One mission
"Berangkat? Apa maksudnya?"
'Sudah kuduga ini akan merepotkan.'
...
Nishinoya memacu mobilnya dengan cepat. Menuju ketempat yang mungkin yang terlihat asing dimata mereka. Mereka menatap sekeliling. Suasana hutan terlihat dingin dan kelam. Entahlah, padahal hutan adalah tempat yang teduh dan sejuk dimata mereka. Mungkin terkecuali tempat ini.
Tsukishima memeluk dirinya sendiri. Ada yang aneh dari tempat ini. pikirannnya sedari tadi kacau, entah kenapa. Bahkan teman-temannya yang terbilang cerewet apalagi dua orang yang sering bertengkar itu kini saling terdiam dan sibuk dengan pemikirannya masing-masing.
Suasana begitu hening. Sama sekali tidak ada yang ingin berbicara. Hingga akhirnya mereka semua sampai. Nishinoya memakirkan mobilnya didekat kedai kecil. Tsukishima berpikir, mungkin tempat ini tidak buruk juga. Masih ada beberapa rumah yang terlihat selama perjalanan ini.
"Permisi..." ucap mereka dengan masuk kekedai tersebut. Ketika memasuki tempat tersebut, sepasang suami istri menyambut mereka dengan hangat.
"Ah, apa kalian ingin makan?" Tanya istri sang pemilik kedai tersebut. Mereka semua mengangguk. "Tolong empat porsi Ramen dengan tiga jus sari Apel dan satu buah Sake."
"Tolong tunggu sebentar."
Mereka duduk dengan sebuah meja ditengahnya. Sebuah 'tatami' sebagai alas duduk yang begitu nyaman. Kedai dengan bentuk seperti ini sangat jarang berada didaerah mereka.

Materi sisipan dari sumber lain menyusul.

Lemma approx_norm2_cvg r : rkhs_norm2_is K h r -> (fun i => a i) @ \oo --> r.
Proof.
case=> f [f_cauchy fh fr].
have a_le_r i : a i <= r by apply: (approx_norm2_le_lim _ fh fr); apply: nearW.
have r_le_a e : 0 < e -> exists i, r - e <= a i.
  move=> e_gt0; have [N fN] := f_cauchy e e_gt0.
  have [i fNi] := span_supported_cover (f N); exists i; rewrite -g_sqnorm.
  apply: (lim_le_interp_sqnorm K_psd fh (@g_interp i) fNi (cvgB fr (cvg_cst e))).
  near=> m; have : span_sqnorm K (span_sub (f m) (f N)) < e.
    by apply: fN => //; near: m; exact: nbhs_infty_ge.
  by rewrite !fctE -/(span_sqnorm K (f m)); lra.
apply/cvgrPdist_le => e e_gt0; have [i rai] := r_le_a e e_gt0.
near=> n; have ain : a i <= a n.
  by apply: approx_norm2_homo; near: n; exact: nbhs_infty_ge.
have := a_le_r n; rewrite ler_norml => anr; apply/andP; split; lra.
Unshelve. all: by end_near.
Qed.

Lemma approx_norm2_bounded_rkhs : (exists M, forall i, a i <= M) -> in_rkhs K h.
Proof.
case=> M aM; exists (fun i => g i); split; last first.
  move=> z e e_gt0; have [i zi] := F_cover z; exists i => n ni.
  by rewrite g_interp ?subrr ?normr0 ?ltcR // (fsubsetP (F_homo ni)).
have a_cvg : (fun i => a i) @ \oo --> sup (range (fun i => a i)).
  apply: nondecreasing_cvgn; first exact: approx_norm2_homo.
  by exists M => _ [i _ <-]; exact: aM.
move=> e e_gt0; have e2_gt0 : 0 < e / 2 by rewrite divr_gt0.
move/cvgrPdist_lt: a_cvg => /(_ _ e2_gt0) [N _ aN].
exists N => m n Nm Nn; rewrite -/(span_sqnorm K _).
wlog mn : m n Nm Nn / (m <= n)%N => [sym|].
  have [|nm] := leqP m n; first exact: sym.
  rewrite span_sqnorm_subC; last exact: pos_def_kernel_herm.
  exact/sym/ltnW.
rewrite sqnorm_sub_kernel_interp //.
by move: (aN m Nm) (aN n Nn); rewrite /= !ltr_norml => /andP[? ?] /andP[? ?]; lra.
Qed.

End ApproxNorm.

Theorem corollary8p8 (R : realType) (X : countType) (K : X -> X -> R[i])
  (F : nat -> {fset X}) :
  pos_def_kernel K ->
  (forall x : X, in_rkhs K (delta x)) ->
  (forall i : nat, (F i `<=` F i.+1)%fset) ->
  (forall x : X, exists i : nat, x \in F i) ->
  forall h : X -> R[i],
    (in_rkhs K h <-> exists M : R, forall i : nat, approx_norm2 K (F i) h <= M) /\
    (in_rkhs K h ->
       {homo (fun i => approx_norm2 K (F i) h) : m n / (m <= n)%N >-> m <= n} /\
       forall r : R, rkhs_norm2_is K h r ->
         (fun i => approx_norm2 K (F i) h) @ \oo --> r).
Proof.
move=> K_psd deltaK F_incr F_cover h; split.
  split; first exact: approx_norm2_bounded.
  exact: approx_norm2_bounded_rkhs.
split=> [|r]; first exact: approx_norm2_homo.
exact: approx_norm2_cvg.
Qed.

Biasanya mereka makan dengan disediakan sebuah kursi untuk duduk dan meja yanga berada dihadapan mereka. Jika dilihat-lihat, memang kedai ini malah terlihat seperti rumah tradisional khas jepang.

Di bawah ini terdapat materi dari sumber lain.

Lemma card_fiber_en v : v \in A -> #|fiber en D v| = indeg F v.
Proof.
move=> vA; rewrite -(card_in_imset (f := s1)); last first.
  by move=> x y /setIdP[Dx _] /setIdP[Dy _]; apply: s1_inj.
apply: eq_card => e; rewrite inE.
apply/imsetP/andP => [[x /setIdP[Dx /eqP <-] ->]|[Fe /eqP e2v]].
  by have /setIdP[Fs1 _] := s1_fromB Dx.
have : e \in fromB F by rewrite inE Fe -(bipE (F_edge Fe)) e2v vA.
rewrite -s1_onto => /imsetP[x Dx eq_e]; exists x => //.
by rewrite inE Dx /en -eq_e e2v eqxx.
Qed.

Lemma clash_free_labelling : exists lab tip : T * T -> T,
  admissible D fst en SL TL lab tip /\ {in D, forall x, lab x != tip x}.
Proof.
have [f [fD f_inj f_key]] : exists f : T * T -> T * T,
    [/\ f @: D = M, {in D &, injective f} & {in D, forall x, (f x).2 = x.1}].
  apply: fiberwise_bijection => v; have [vA|vB] := boolP (v \in A).
    by have [_ fv _ _ mv] := A_regular vA; rewrite card_fiber_st // fv -mv.
  have -> : fiber fst D v = set0.
    by apply/setP => e; rewrite !inE; case: eqP => [->|]; rewrite ?(negbTE vB) ?andbF.
  have -> : fiber snd M v = set0.
    apply/setP => e; rewrite !inE; case: eqP => [e2v|]; rewrite ?andbF ?andbT //.
    by apply/negbTE/negP => Me; have /andP[_] := M_BA Me; rewrite e2v (negbTE vB).
  by rewrite cards0.
have [g [gD g_inj g_key]] : exists g : T * T -> T * T,
    [/\ g @: D = fromA H, {in D &, injective g} & {in D, forall x, (g x).1 = en x}].
  apply: fiberwise_bijection => v; have [vA|vB] := boolP (v \in A).
    have [fv _ _ hv _] := A_regular vA; rewrite card_fiber_en // fv -hv.
    by apply: eq_card => e; rewrite !inE; case: eqP => [->|]; rewrite ?vA ?andbF ?andbT.
  have -> : fiber en D v = set0.
    apply/setP => x; rewrite [x \in fiber _ _ _]inE in_set0; apply/negbTE/negP.
    by case/andP => Dx /eqP env; have [_ _ _] := D_sides Dx; rewrite env (negbTE vB).
  have -> : fiber fst (fromA H) v = set0.
    by apply/setP => e; rewrite !inE; case: eqP => [->|]; rewrite ?(negbTE vB) ?andbF.
  by rewrite cards0.
have st_fiber2 : {in D, forall x, 1 < #|fiber fst D x.1|}.
  move=> x Dx; have [_ x1A _ _] := D_sides Dx.
  by rewrite card_fiber_st //; have [_ -> _ _ _] := A_regular x1A; apply: A_deg.
have en_fiber2 : {in D, forall x, 1 < #|fiber en D (en x)|}.
  move=> x Dx; have [_ _ _ enA] := D_sides Dx.
  by rewrite card_fiber_en //; have [-> _ _ _ _] := A_regular enA; apply: A_deg.
apply: (exists_clash_free st_fiber2 en_fiber2
          (lab0 := fun x => (f x).1) (tip0 := fun x => (g x).2)).
split=> [x Dx|x Dx|x y Dx Dy /= eq1 eq2|x y Dx Dy /= eq1 eq2]; rewrite ?inE.
- by rewrite -(f_key x Dx) -surjective_pairing -fD imset_f.
- have : g x \in fromA H by rewrite -gD imset_f.
  by rewrite inE -(g_key x Dx) -surjective_pairing => /andP[].
- by apply: f_inj; rewrite // [f x]surjective_pairing [f y]surjective_pairing !f_key // eq1 eq2.
- by apply: g_inj; rewrite // [g x]surjective_pairing [g y]surjective_pairing !g_key // eq1 eq2.
Qed.

Variables (lab tip : T * T -> T).
Hypotheses (adm : admissible D fst en SL TL lab tip) (no_clash : {in D, forall x, lab x != tip x}).

Definition fin x := (s2 (en x, tip x)).2.
Definition chain x := [:: lab x; x.1; x.2; en x; tip x; fin x].
Definition chain_edges x := [:: (lab x, x.1); x; s1 x; (en x, tip x); s2 (en x, tip x)].

Definition part_index (e : T * T) : nat :=
  if e \in M then 0 else if e \in F then (if e.1 \in A then 1 else 2)
  else if e.1 \in A then 3 else 4.

Lemma chain_edges_parts x : x \in D ->
  [/\ (lab x, x.1) \in M, s1 x \in fromB F, (en x, tip x) \in fromA H
    & s2 (en x, tip x) \in fromB H].
Proof.
move=> Dx; have [labS tipT _ _] := adm; have [_ _ _ enA] := D_sides Dx.
have Mlab : (lab x, x.1) \in M by have := labS x Dx; rewrite inE.
have Htip : (en x, tip x) \in fromA H by have := tipT x Dx; rewrite !inE enA andbT.
by split=> //; [apply: s1_fromB | rewrite -s2_onto imset_f].
Qed.

Lemma s2E x : x \in D -> s2 (en x, tip x) = (tip x, fin x).
Proof.
move=> Dx; have [_ _ Htip _] := chain_edges_parts Dx.
by rewrite [s2 _]surjective_pairing s2_head.
Qed.

Lemma chain_dpath x : x \in D -> path d (lab x) (behead (chain x)).
Proof.
move=> Dx; have [Fx _ _ _] := D_sides Dx.
have [Mlab /setIdP[Fs1 _] /setIdP[Htip _] /setIdP[Hs2 _]] := chain_edges_parts Dx.
have := F_edge Fs1; have := H_edge Hs2; rewrite s1E // s2E // => d5 d3.
by rewrite /= (M_edge Mlab) (F_edge Fx) d3 (H_edge Htip) d5.
Qed.

Lemma walk_edges_chain x : x \in D -> walk_edges d (chain x) = chain_edges x.
Proof.
move=> Dx; rewrite /walk_edges /chain pairmap_dedge; last exact: chain_dpath.
by rewrite /chain_edges s1E // s2E // /= -surjective_pairing.
Qed.

Lemma part_index_chain x : x \in D -> map part_index (chain_edges x) = iota 0 5.
Proof.
move=> Dx; have [Fx x1A _ _] := D_sides Dx.
have [Mlab /setIdP[Fs1 s1B] /setIdP[Htip enA] /setIdP[Hs2 s2B]] := chain_edges_parts Dx.
have notM e : e \in F :|: H -> e \in M = false.
  by case/setUP => [/(disjointFl MF_disj)|/(disjointFl MH_disj)].
have notF e : e \in H -> e \in F = false by apply: disjointFl FH_disj.
rewrite /part_index /= Mlab !notM ?inE ?Fx ?Fs1 ?Htip ?Hs2 ?orbT // !notF //.
by rewrite x1A (negbTE s1B) enA (negbTE s2B).
Qed.

Lemma chain_edges_uniq x : x \in D -> uniq (chain_edges x).
Proof. by move=> Dx; apply: (@map_uniq _ _ part_index); rewrite part_index_chain. Qed.

Lemma nth_part_index x e :
  x \in D -> e \in chain_edges x -> nth e (chain_edges x) (part_index e) = e.
Proof.
move=> Dx /(nthP e)[i i5 ei]; suff -> : part_index e = i by [].
by rewrite -ei -(nth_map e 0) // part_index_chain // nth_iota.
Qed.

Lemma chain_edges_inj x y e :
  x \in D -> y \in D -> e \in chain_edges x -> e \in chain_edges y -> x = y.
Proof.
move=> Dx Dy ex ey; have [_ _ lab_inj tip_inj] := adm.
have [_ _ Htipx _] := chain_edges_parts Dx; have [_ _ Htipy _] := chain_edges_parts Dy.
have : nth e (chain_edges x) (part_index e) = nth e (chain_edges y) (part_index e).
  by rewrite !nth_part_index.
have : part_index e < 5 by rewrite /part_index; do !case: ifP.
case: (part_index e) => [|[|[|[|[|//]]]]] _ /=.
- by case=> eq_lab eq_1; apply: lab_inj.
- by [].
- exact: s1_inj.
- by case=> eq_en eq_tip; apply: tip_inj.
- by move/s2_inj => /(_ Htipx Htipy) [eq_en eq_tip]; apply: tip_inj.
Qed.

Lemma M_covered e : e \in M -> exists2 x, x \in D & (lab x, x.1) = e.
Proof.
move=> Me; have /andP[_ e2A] := M_BA Me; have [_ _ lab_inj _] := adm.
have onto : [set (lab x, x.1) | x in fiber fst D e.2] = fiber snd M e.2.
  apply: in_inj_card_onto.
  - by move=> x y /setIdP[Dx _] /setIdP[Dy _] [eq_lab eq1]; apply: lab_inj.
  - move=> x /setIdP[Dx /eqP x1]; have [Mlab _ _ _] := chain_edges_parts Dx.
    by rewrite inE Mlab x1 eqxx.
  - by rewrite card_fiber_st //; have [_ -> _ _ <-] := A_regular e2A.
have : e \in fiber snd M e.2 by rewrite inE Me eqxx.
by rewrite -onto => /imsetP[x /setIdP[Dx _] ->]; exists x.
Qed.

Lemma H_covered e : e \in fromA H -> exists2 x, x \in D & (en x, tip x) = e.
Proof.
move=> /setIdP[He e1A]; have [_ _ _ tip_inj] := adm.
have onto : [set (en x, tip x) | x in fiber en D e.1] = fiber fst H e.1.
  apply: in_inj_card_onto.
  - by move=> x y /setIdP[Dx _] /setIdP[Dy _] [eq_en eq_tip]; apply: tip_inj.
  - move=> x /setIdP[Dx /eqP enx]; have [_ _ /setIdP[Htip _] _] := chain_edges_parts Dx.
    by rewrite inE Htip enx eqxx.
  - by rewrite card_fiber_en //; have [-> _ _ <- _] := A_regular e1A.
have : e \in fiber fst H e.1 by rewrite inE He eqxx.
by rewrite -onto => /imsetP[x /setIdP[Dx _] ->]; exists x.
Qed.

Lemma chain_edges_cover e : e \in edges d -> exists2 x, x \in D & e \in chain_edges x.
Proof.
rewrite -MFH_edges !inE -orbA => /or3P[Me|Fe|He].
- by have [x Dx <-] := M_covered Me; exists x => //; rewrite inE eqxx.
- have [e1A|e1B] := boolP (e.1 \in A).
    by exists e; rewrite ?inE ?Fe ?e1A // eqxx orbT.
  have : e \in fromB F by rewrite inE Fe e1B.
  by rewrite -s1_onto => /imsetP[x Dx ->]; exists x => //; rewrite !inE eqxx !orbT.
- have [e1A|e1B] := boolP (e.1 \in A).
    have [|x Dx <-] := H_covered (e := e); first by rewrite inE He e1A.
    by exists x => //; rewrite !inE eqxx !orbT.
  have : e \in fromB H by rewrite inE He e1B.
  rewrite -s2_onto => /imsetP[h /H_covered[x Dx <-] ->].
  by exists x => //; rewrite !inE eqxx !orbT.
Qed.

Lemma chain_edges_edges x e : x \in D -> e \in chain_edges x -> e \in edges d.
Proof.
move=> Dx; have [Fx _ _ _] := D_sides Dx.
have [Mlab /setIdP[Fs1 _] /setIdP[Htip _] /setIdP[Hs2 _]] := chain_edges_parts Dx.
have : all [in M :|: F :|: H] (chain_edges x).
  by rewrite /= !inE Mlab Fx Fs1 Htip Hs2 !orbT.
by rewrite -MFH_edges => /allP; apply.
Qed.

Kageyama terlihat sangat memperhatikan rumah ini dengan teliti. matanya menerawang keberbagai daerah. Lalu menatap Nishinoya yang sedang menikmati sakenya yang terlebih dahulu telah dibuat. "Noya-san, apa anda sudah sering kesini sebelumnya?"
Nishinoya menggeleng. "Aku hanya pernah kesini beberapa minggu lalu. Untuk sebuah pengintaian. Kalian tahu apa?"

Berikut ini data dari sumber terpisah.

(* Consider the algorithm AASGDA described in the context and assume (A3)–(A5). Then for every $t\ge0$, with $\mathbb{E}_t[\cdot]=\mathbb{E}[\cdot\mid(x^t,y^t,\psi^t)]$ and $\mathbb{E}_{\hat t}[\cdot]=\mathbb{E}[\cdot\mid(x^{t+1},y^t,\psi^t)]$: (a) $\|\mathbb{E}_t[G_x^t(x^t,y^t,z_x^t)]-\nabla_x\mathcal{L}(x^t,y^t)\|\le L_1\|\nabla_x\psi^t(x^t,y^t)-\nabla_x\psi(x^t,y^t)\|_F$; (b) $\mathbb{E}_t\|G_x^t(x^t,y^t,z_x^t)\|^2\le\|\mathbb{E}_t[G_x^t(x^t,y^t,z_x^t)]\|^2+(1+\|\nabla_x\psi^t(x^t,y^t)\|_F^2)\sigma^2$; (c) $\|\mathbb{E}_{\hat t}[G_y^t(x^{t+1},y^t,z_y^t)]-\nabla_y\mathcal{L}(x^{t+1},y^t)\|\le L_1\|\nabla_y\psi^t(x^{t+1},y^t)-\nabla_y\psi(x^{t+1},y^t)\|_F$; (d) $\mathbb{E}_{\hat t}\|G_y^t(x^{t+1},y^t,z_y^t)\|^2\le\|\mathbb{E}_{\hat t}[G_y^t(x^{t+1},y^t,z_y^t)]\|^2+(1+\|\nabla_y\psi^t(x^{t+1},y^t)\|_F^2)\sigma^2$.
   Context: Let $n,m,d$ be positive integers. Let $l:\mathbb{R}^n\times\mathbb{R}^m\times\mathbb{R}^d\to\mathbb{R}$ be continuously differentiable with partial gradients $\nabla_x l,\nabla_y l,\nabla_z l$; write $\nabla_{x,z}l=(\nabla_x l,\nabla_z l)$, $\nabla_{y,z}l=(\nabla_y l,\nabla_z l)$. Let $\mathbb{P}$ be a probability measure on $\mathbb{R}^d$ and $\psi:\mathbb{R}^n\times\mathbb{R}^m\to\mathbb{R}^d$ differentiable with partial Jacobians $\nabla_x\psi,\nabla_y\psi$; $\|\cdot\|_F$ is the Frobenius norm. $\mathcal{D}(x,y)$ is the law of $\psi(x,y)+\xi$, $\xi\sim\mathbb{P}$, and $\mathcal{L}(x,y)=\mathbb{E}_{z\sim\mathcal{D}(x,y)}[l(x,y,z)]$ (assumed differentiable with $\nabla_x\mathcal{L}(x,y)=\mathbb{E}_{z\sim\mathcal{D}(x,y)}[\nabla_x l+\nabla_x\psi(x,y)^\top\nabla_z l]$ and analogously for $y$). Assumptions (constants $L_0,\ell_0,L_1,\sigma>0$): (A3) For all $(x,y)$: $\mathbb{E}_{z\sim\mathcal{D}(x,y)}\|\nabla_x l(x,y,z)\|\le L_1$, $\mathbb{E}_{z\sim\mathcal{D}(x,y)}\|\nabla_z l(x,y,z)\|\le L_1$. (A4) For all $(x,y)$: $\mathbb{E}_{z\sim\mathcal{D}(x,y)}\|\nabla_{x,z}l-\mathbb{E}\nabla_{x,z}l\|^2\le\sigma^2$ and $\mathbb{E}_{z\sim\mathcal{D}(x,y)}\|\nabla_{y,z}l-\mathbb{E}\nabla_{y,z}l\|^2\le\sigma^2$. (A5) $\psi$ is $L_0$-Lipschitz and $\ell_0$-smooth. AASGDA (stepsizes $\eta_x,\eta_y>0$): start from $x^0\in\mathbb{R}^n$, $y^0\in\mathbb{R}^m$, initial estimate $\psi^0$. At iteration $t$, given $(x^t,y^t)$ and the current estimate $\psi^t$ (a differentiable map, possibly random, determined by the history), with $G_x^t(x,y,z)=\nabla_x l(x,y,z)+\nabla_x\psi^t(x,y)^\top\nabla_z l(x,y,z)$ and $G_y^t(x,y,z)=\nabla_y l(x,y,z)+\nabla_y\psi^t(x,y)^\top\nabla_z l(x,y,z)$: draw $z_x^t$ with law $\mathcal{D}(x^t,y^t)$ conditionally on the past, set $x^{t+1}=x^t-\eta_x G_x^t(x^t,y^t,z_x^t)$; draw $z_y^t$ with law $\mathcal{D}(x^{t+1},y^t)$ conditionally on the past (including $x^{t+1}$), set $y^{t+1}=y^t+\eta_y G_y^t(x^{t+1},y^t,z_y^t)$; then form $\psi^{t+1}$ by an arbitrary estimation rule. *)

From HB Require Import structures.
From mathcomp Require Import all_boot all_order all_algebra.
From mathcomp Require Import all_classical all_reals all_analysis.
Set Implicit Arguments. Unset Strict Implicit. Unset Printing Implicit Defensive.
Import Order.TTheory GRing.Theory Num.Theory numFieldNormedType.Exports.
Local Open Scope classical_set_scope.
Local Open Scope ring_scope.

(* Frobenius norm of a matrix; for a column vector it is the Euclidean norm. *)
Definition frob (R : realType) (p q : nat) (A : 'M[R]_(p, q)) : R :=
  Num.sqrt (\sum_(i < p) \sum_(j < q) A i j ^+ 2).

Definition Evec (R : realType) (dT : measure_display) (T : measurableType dT)
  (P : probability T R) (p q : nat) (f : T -> 'M[R]_(p, q)) : 'M[R]_(p, q) :=
  \matrix_(i, j) Rintegral P setT (fun w => f w i j).

Definition Ebar (R : realType) (dT : measure_display) (T : measurableType dT)
  (P : probability T R) (f : T -> R) : \bar R :=
  (\int[P]_w (f w)%:E)%E.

Mereka semua menggeleng. Ah, Tsukishima memiliki firasat buruk mendengar ucapan sang ketuanya itu. Nishinoya kembali menengguk semua sakenya. Dia menatap mereka dengan serius. "Misi kalian."
'Ya ampun. Kenapa firasatku selalu benar.'
"Beberapa minggu lalu. Daftar anak menghilang didaerah sekitar sini semakin banyak. Ah, perlu kalian tahu. Ini bukan distrik. Hanya sebuah desa. Desa yang berdampingan dengan hutan lebat Mangrove. Tempat sebuah perdagangan ilegal. Kita akan kesana setelah makan."
"ILEGAL?!"
...
"Chotto?! Noya-san, kau tahu kan bahwa kami hanyalah anggota awam. Minim pengetahuan dan tidak berpengalaman dalam memburu penjahat. Kecuali si Ou-sama itu. kau mau kita mati?!"
"Oi, jangan panggil aku dengan sebutan itu!" ucap Kageyama. Dia terlihat marah, namun kini lebih baik ia diam karena kelompoknya memandangnya dengan tajam. Kageyama mendecih. "Tch. Sialan."
"Ini sebuah misi penyelamatan kan?! Ada berapa banyak korban didalam sana? Kalau ada yang mati bagaimana?!" ucap Hinata dengan cemas.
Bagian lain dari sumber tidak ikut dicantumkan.